▸ The data:
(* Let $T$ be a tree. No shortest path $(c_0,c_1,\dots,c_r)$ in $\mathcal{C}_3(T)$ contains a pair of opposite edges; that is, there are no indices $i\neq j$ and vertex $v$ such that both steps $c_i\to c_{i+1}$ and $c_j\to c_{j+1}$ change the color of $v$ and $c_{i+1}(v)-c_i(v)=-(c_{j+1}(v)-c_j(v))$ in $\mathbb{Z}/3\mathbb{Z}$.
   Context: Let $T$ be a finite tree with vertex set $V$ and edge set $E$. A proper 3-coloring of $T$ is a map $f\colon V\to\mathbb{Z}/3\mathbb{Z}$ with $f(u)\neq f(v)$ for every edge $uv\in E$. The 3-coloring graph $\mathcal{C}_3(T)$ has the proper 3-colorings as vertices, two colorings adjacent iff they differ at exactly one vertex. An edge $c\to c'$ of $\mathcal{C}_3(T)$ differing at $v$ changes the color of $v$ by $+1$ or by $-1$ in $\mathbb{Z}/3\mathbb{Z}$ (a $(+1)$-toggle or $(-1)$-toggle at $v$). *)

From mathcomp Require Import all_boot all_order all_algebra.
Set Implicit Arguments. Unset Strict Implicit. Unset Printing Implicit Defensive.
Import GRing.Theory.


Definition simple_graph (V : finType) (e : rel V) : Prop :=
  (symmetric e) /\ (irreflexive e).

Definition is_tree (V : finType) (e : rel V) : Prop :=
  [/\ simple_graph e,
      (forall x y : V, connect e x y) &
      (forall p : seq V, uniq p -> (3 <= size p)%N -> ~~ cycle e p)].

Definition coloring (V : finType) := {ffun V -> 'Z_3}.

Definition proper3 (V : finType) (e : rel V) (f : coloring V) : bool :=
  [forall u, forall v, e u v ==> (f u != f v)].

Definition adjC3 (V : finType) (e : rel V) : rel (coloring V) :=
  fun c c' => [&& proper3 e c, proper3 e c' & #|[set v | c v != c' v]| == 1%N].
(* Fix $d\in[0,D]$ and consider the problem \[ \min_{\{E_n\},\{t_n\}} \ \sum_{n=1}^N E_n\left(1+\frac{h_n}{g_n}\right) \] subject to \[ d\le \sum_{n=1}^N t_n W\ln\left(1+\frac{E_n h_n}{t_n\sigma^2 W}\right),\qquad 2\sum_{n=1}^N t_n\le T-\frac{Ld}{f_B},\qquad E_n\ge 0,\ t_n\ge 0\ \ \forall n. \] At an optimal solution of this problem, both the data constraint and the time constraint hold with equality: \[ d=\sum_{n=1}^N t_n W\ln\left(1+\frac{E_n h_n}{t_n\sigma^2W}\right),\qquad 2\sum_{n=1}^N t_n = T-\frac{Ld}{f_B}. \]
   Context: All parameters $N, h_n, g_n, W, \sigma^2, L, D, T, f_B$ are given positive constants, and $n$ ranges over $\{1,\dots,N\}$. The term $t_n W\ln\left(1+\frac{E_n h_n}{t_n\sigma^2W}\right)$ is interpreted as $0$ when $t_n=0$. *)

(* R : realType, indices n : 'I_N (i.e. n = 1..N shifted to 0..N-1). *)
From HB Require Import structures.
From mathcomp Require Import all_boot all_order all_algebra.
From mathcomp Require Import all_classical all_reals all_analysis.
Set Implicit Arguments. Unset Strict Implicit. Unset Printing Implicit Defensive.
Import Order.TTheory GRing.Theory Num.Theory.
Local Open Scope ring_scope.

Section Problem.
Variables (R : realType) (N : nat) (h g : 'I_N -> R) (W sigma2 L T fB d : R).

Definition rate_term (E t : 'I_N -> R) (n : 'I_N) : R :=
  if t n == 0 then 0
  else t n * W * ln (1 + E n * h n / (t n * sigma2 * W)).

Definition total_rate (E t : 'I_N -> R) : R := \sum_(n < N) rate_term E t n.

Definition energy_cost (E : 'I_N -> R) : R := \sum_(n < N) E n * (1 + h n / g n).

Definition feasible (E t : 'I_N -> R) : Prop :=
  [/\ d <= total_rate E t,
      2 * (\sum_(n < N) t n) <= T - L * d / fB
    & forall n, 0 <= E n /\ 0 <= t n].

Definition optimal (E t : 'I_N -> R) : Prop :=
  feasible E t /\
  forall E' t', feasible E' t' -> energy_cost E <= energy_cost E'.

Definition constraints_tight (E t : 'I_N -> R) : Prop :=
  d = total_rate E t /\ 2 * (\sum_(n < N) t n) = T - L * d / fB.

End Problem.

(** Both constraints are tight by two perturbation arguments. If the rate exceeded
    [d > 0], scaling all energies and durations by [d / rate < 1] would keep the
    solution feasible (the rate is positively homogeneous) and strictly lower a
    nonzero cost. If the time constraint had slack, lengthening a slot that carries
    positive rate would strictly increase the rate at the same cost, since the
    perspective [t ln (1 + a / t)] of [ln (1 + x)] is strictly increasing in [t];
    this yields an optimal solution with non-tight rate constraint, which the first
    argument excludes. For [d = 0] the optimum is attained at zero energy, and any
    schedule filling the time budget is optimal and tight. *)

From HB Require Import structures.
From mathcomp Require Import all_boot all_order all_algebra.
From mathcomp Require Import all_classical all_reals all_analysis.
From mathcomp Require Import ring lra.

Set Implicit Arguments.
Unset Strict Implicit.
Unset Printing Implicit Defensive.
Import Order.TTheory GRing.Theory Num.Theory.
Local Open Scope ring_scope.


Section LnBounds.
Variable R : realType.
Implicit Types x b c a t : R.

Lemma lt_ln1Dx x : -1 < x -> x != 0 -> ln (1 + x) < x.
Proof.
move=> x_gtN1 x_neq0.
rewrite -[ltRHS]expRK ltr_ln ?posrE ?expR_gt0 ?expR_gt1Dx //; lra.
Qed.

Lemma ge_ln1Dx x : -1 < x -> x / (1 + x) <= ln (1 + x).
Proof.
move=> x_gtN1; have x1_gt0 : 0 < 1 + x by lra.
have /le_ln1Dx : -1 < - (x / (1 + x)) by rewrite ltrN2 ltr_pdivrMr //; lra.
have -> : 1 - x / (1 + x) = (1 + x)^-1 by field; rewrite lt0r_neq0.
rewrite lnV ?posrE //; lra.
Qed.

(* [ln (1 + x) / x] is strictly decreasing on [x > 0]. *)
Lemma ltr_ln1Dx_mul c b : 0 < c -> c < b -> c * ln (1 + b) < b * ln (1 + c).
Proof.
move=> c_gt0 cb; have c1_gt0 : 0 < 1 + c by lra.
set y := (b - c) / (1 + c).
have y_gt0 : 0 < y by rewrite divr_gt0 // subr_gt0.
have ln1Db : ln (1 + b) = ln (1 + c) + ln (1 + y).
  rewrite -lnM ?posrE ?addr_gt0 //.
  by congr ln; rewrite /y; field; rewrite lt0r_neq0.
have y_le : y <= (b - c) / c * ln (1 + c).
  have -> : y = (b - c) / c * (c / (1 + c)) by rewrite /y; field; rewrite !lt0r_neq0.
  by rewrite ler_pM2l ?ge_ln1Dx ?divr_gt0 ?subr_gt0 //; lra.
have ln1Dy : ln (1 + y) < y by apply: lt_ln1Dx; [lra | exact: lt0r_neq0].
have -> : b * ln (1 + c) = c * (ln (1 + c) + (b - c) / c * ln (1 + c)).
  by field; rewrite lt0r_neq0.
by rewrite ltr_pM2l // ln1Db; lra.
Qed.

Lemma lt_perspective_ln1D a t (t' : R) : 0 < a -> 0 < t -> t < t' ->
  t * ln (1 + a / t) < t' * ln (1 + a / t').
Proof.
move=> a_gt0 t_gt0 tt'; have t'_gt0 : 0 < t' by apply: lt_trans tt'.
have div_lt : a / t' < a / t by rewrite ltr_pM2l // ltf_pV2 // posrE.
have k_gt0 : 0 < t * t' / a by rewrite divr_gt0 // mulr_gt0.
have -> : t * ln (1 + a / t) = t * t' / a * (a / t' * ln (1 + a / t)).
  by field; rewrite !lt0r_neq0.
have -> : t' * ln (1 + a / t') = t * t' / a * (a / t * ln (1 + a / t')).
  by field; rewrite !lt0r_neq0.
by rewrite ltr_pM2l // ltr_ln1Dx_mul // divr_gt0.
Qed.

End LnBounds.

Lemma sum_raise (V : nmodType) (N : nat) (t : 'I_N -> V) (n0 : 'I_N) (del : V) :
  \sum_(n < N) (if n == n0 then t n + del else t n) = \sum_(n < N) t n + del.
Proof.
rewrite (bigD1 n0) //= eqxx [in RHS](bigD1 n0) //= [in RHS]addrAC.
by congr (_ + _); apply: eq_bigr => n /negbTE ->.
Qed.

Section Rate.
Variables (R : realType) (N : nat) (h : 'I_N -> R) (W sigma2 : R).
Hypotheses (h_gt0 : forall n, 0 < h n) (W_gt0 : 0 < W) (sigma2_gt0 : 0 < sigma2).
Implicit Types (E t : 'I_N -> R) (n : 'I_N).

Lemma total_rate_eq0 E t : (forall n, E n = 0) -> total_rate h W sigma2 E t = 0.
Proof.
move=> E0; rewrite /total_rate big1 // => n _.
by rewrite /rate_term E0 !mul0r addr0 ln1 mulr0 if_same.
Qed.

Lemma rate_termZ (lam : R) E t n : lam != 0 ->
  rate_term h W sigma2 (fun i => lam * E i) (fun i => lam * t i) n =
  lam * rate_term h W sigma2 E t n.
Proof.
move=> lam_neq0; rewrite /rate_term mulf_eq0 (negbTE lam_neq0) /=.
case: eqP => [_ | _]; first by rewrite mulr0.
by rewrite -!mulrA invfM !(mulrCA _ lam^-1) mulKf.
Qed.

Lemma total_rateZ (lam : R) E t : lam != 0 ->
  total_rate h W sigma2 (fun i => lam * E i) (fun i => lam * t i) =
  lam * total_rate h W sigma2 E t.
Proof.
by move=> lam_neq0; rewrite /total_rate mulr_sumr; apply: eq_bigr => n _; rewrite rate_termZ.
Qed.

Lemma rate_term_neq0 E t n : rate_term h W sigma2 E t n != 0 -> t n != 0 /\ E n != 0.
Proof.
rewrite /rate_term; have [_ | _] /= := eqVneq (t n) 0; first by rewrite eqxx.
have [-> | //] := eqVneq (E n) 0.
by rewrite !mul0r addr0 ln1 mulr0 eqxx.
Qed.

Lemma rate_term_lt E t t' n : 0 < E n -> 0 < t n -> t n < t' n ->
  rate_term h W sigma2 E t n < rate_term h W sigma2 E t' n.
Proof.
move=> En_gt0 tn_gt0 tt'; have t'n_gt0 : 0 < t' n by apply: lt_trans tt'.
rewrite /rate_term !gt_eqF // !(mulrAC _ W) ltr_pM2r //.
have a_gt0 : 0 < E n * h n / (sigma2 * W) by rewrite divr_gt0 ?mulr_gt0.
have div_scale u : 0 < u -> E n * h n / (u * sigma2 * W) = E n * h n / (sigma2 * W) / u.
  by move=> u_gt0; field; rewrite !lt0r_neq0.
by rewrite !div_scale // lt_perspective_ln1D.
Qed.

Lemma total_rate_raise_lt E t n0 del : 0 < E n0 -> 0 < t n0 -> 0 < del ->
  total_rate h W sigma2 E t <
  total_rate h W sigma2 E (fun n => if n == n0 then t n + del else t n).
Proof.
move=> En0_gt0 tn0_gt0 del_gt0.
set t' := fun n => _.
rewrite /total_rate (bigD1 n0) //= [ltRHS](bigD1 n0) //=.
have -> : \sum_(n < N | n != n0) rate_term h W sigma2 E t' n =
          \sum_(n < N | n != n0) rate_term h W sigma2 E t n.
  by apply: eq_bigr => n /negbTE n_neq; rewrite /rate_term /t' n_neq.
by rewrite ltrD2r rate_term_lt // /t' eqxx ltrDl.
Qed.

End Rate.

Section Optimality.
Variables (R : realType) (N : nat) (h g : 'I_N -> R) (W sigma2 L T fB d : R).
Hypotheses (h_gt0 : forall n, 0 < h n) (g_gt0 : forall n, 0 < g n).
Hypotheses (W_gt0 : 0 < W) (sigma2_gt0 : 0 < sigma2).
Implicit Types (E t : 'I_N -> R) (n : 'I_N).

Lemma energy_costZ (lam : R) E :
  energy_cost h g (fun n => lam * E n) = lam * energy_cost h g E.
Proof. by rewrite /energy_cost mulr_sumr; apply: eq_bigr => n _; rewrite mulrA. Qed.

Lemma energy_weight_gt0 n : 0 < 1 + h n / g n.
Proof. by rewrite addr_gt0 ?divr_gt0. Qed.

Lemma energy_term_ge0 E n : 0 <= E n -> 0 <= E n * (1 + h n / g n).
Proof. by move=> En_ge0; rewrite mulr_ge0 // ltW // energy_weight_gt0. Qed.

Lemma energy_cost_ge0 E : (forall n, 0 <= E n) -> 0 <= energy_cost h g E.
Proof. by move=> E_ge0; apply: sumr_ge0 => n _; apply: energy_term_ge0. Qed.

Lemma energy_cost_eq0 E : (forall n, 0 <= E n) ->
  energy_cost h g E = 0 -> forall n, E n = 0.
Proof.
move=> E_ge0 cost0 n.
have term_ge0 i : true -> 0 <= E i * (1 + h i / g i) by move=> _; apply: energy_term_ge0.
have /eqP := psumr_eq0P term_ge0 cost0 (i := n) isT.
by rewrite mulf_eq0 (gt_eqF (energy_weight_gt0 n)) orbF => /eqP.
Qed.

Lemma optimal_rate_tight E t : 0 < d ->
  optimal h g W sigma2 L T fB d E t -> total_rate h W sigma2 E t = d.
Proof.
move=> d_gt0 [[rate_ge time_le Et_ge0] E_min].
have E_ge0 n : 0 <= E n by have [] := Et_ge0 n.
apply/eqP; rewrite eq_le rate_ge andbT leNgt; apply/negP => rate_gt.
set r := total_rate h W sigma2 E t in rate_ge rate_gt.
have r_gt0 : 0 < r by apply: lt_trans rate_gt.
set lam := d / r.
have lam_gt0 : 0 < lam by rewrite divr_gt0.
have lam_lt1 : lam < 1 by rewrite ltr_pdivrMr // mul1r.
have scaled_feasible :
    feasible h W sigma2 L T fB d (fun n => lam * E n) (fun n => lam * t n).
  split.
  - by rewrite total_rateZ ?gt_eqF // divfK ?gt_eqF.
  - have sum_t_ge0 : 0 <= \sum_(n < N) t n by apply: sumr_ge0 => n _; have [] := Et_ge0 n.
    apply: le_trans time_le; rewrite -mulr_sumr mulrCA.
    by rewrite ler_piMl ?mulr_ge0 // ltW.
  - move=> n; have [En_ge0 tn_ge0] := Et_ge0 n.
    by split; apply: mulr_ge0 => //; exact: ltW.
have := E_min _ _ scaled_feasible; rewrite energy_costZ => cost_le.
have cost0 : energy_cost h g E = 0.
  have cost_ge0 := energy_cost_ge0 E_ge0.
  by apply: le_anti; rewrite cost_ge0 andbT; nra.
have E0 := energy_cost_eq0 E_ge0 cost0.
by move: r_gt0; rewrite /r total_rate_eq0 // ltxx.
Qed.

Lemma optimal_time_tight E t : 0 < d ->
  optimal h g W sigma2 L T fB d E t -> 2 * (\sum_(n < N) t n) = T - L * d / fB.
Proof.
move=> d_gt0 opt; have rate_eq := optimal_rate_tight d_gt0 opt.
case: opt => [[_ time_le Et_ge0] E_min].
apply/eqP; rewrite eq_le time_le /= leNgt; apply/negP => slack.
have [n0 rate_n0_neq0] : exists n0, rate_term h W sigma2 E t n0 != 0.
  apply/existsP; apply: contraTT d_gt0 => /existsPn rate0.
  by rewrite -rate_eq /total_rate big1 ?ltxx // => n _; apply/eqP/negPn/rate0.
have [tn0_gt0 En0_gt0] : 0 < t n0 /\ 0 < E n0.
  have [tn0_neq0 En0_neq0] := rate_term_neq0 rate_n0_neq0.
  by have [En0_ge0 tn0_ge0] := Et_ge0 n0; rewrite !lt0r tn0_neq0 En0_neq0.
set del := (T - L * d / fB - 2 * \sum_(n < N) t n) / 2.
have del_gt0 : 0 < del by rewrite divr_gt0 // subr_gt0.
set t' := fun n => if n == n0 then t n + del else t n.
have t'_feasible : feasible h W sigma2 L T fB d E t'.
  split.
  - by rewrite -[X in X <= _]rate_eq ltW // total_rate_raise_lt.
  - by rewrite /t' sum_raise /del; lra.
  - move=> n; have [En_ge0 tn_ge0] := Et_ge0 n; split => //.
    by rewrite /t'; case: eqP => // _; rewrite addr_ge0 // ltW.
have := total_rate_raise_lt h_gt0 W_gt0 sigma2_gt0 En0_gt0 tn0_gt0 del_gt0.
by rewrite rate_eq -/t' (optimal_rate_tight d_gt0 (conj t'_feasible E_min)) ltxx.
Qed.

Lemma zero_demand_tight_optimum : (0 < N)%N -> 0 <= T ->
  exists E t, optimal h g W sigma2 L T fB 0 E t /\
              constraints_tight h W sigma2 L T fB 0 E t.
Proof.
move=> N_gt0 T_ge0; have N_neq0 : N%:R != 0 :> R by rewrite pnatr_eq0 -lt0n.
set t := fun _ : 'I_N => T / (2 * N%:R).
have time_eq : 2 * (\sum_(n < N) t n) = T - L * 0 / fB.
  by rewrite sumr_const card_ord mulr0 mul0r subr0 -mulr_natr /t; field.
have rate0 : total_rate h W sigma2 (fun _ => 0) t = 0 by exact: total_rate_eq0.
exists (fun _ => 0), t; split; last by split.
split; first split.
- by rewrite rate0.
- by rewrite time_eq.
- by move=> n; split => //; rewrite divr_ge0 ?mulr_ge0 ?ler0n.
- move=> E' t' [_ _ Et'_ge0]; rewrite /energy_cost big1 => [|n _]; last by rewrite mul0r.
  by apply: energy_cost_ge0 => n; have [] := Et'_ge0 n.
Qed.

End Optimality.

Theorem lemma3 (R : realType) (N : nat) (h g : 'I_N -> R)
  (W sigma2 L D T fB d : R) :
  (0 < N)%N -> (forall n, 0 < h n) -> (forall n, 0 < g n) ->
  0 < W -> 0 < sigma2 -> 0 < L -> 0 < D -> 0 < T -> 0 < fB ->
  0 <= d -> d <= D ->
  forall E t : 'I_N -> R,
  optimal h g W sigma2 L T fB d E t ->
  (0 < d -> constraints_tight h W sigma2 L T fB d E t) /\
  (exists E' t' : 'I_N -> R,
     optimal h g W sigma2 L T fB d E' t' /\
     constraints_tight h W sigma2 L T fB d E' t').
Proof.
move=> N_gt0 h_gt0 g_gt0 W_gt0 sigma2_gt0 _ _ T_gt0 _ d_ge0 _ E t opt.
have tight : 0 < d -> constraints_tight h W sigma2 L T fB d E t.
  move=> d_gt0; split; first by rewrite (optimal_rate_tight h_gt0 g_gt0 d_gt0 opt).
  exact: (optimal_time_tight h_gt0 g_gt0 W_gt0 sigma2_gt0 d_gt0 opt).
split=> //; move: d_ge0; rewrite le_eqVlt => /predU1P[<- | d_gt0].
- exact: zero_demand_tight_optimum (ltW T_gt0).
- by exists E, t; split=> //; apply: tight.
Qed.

▸ Task item: In your answer, include only the lines above starting at the line that holds "total_rate h W sigma2 E t <" and ending at the line that holds "rewrite /total_rate (bigD1", copied exactly.

▸ Solution:
  total_rate h W sigma2 E t <
  total_rate h W sigma2 E (fun n => if n == n0 then t n + del else t n).
Proof.
move=> En0_gt0 tn0_gt0 del_gt0.
set t' := fun n => _.
rewrite /total_rate (bigD1 n0) //= [ltRHS](bigD1 n0) //=.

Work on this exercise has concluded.